- About this exercise: Give again, word for word, every line in the entries below from the line with "RInt (fun tau =>" up to and including the line with "integrating by parts", and no other line.
*** Listed records ***
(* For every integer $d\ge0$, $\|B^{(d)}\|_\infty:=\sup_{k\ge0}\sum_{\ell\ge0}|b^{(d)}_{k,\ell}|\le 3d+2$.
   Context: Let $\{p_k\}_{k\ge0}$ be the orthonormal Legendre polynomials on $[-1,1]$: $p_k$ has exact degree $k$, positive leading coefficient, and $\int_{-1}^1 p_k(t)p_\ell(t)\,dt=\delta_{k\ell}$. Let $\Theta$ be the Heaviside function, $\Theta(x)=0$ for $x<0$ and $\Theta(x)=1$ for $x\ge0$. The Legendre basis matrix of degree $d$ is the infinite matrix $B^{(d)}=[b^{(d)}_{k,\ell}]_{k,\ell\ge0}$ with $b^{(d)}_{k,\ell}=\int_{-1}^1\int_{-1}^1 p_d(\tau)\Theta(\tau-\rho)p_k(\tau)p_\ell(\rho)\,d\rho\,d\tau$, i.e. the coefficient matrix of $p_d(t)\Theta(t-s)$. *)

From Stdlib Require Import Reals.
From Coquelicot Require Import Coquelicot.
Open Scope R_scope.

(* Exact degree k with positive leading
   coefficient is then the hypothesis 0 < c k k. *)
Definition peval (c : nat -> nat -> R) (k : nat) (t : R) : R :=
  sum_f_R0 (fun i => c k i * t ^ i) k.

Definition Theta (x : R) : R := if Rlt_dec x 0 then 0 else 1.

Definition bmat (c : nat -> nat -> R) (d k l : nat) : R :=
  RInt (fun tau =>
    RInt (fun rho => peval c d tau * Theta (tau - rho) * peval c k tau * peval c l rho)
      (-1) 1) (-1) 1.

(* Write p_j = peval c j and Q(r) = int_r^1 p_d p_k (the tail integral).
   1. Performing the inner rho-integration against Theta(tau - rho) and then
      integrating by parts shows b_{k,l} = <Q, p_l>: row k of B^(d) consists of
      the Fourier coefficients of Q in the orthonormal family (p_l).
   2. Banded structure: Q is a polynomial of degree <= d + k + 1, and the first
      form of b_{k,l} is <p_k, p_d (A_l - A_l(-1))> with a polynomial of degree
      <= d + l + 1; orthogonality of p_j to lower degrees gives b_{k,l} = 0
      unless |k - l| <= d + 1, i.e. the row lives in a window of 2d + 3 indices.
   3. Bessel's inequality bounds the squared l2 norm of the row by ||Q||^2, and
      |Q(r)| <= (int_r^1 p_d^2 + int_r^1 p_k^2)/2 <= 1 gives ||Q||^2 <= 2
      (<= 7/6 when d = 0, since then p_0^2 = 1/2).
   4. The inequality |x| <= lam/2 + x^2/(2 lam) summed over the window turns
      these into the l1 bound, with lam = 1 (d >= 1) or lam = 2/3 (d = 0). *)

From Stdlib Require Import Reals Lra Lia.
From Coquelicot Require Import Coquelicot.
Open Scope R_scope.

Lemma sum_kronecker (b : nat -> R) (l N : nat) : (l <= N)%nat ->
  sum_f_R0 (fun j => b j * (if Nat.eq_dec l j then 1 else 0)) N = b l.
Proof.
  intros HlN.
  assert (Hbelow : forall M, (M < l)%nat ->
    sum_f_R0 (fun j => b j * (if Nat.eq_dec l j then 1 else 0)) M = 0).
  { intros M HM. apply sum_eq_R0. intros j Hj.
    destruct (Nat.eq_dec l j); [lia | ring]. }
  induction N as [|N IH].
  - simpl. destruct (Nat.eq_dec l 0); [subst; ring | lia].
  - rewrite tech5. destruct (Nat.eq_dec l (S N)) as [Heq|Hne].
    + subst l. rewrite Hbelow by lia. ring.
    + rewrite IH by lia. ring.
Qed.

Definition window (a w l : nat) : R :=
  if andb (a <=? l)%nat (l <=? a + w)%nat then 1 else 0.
***
- Your solution:
  RInt (fun tau =>
    RInt (fun rho => peval c d tau * Theta (tau - rho) * peval c k tau * peval c l rho)
      (-1) 1) (-1) 1.

(* Write p_j = peval c j and Q(r) = int_r^1 p_d p_k (the tail integral).
   1. Performing the inner rho-integration against Theta(tau - rho) and then
      integrating by parts shows b_{k,l} = <Q, p_l>: row k of B^(d) consists of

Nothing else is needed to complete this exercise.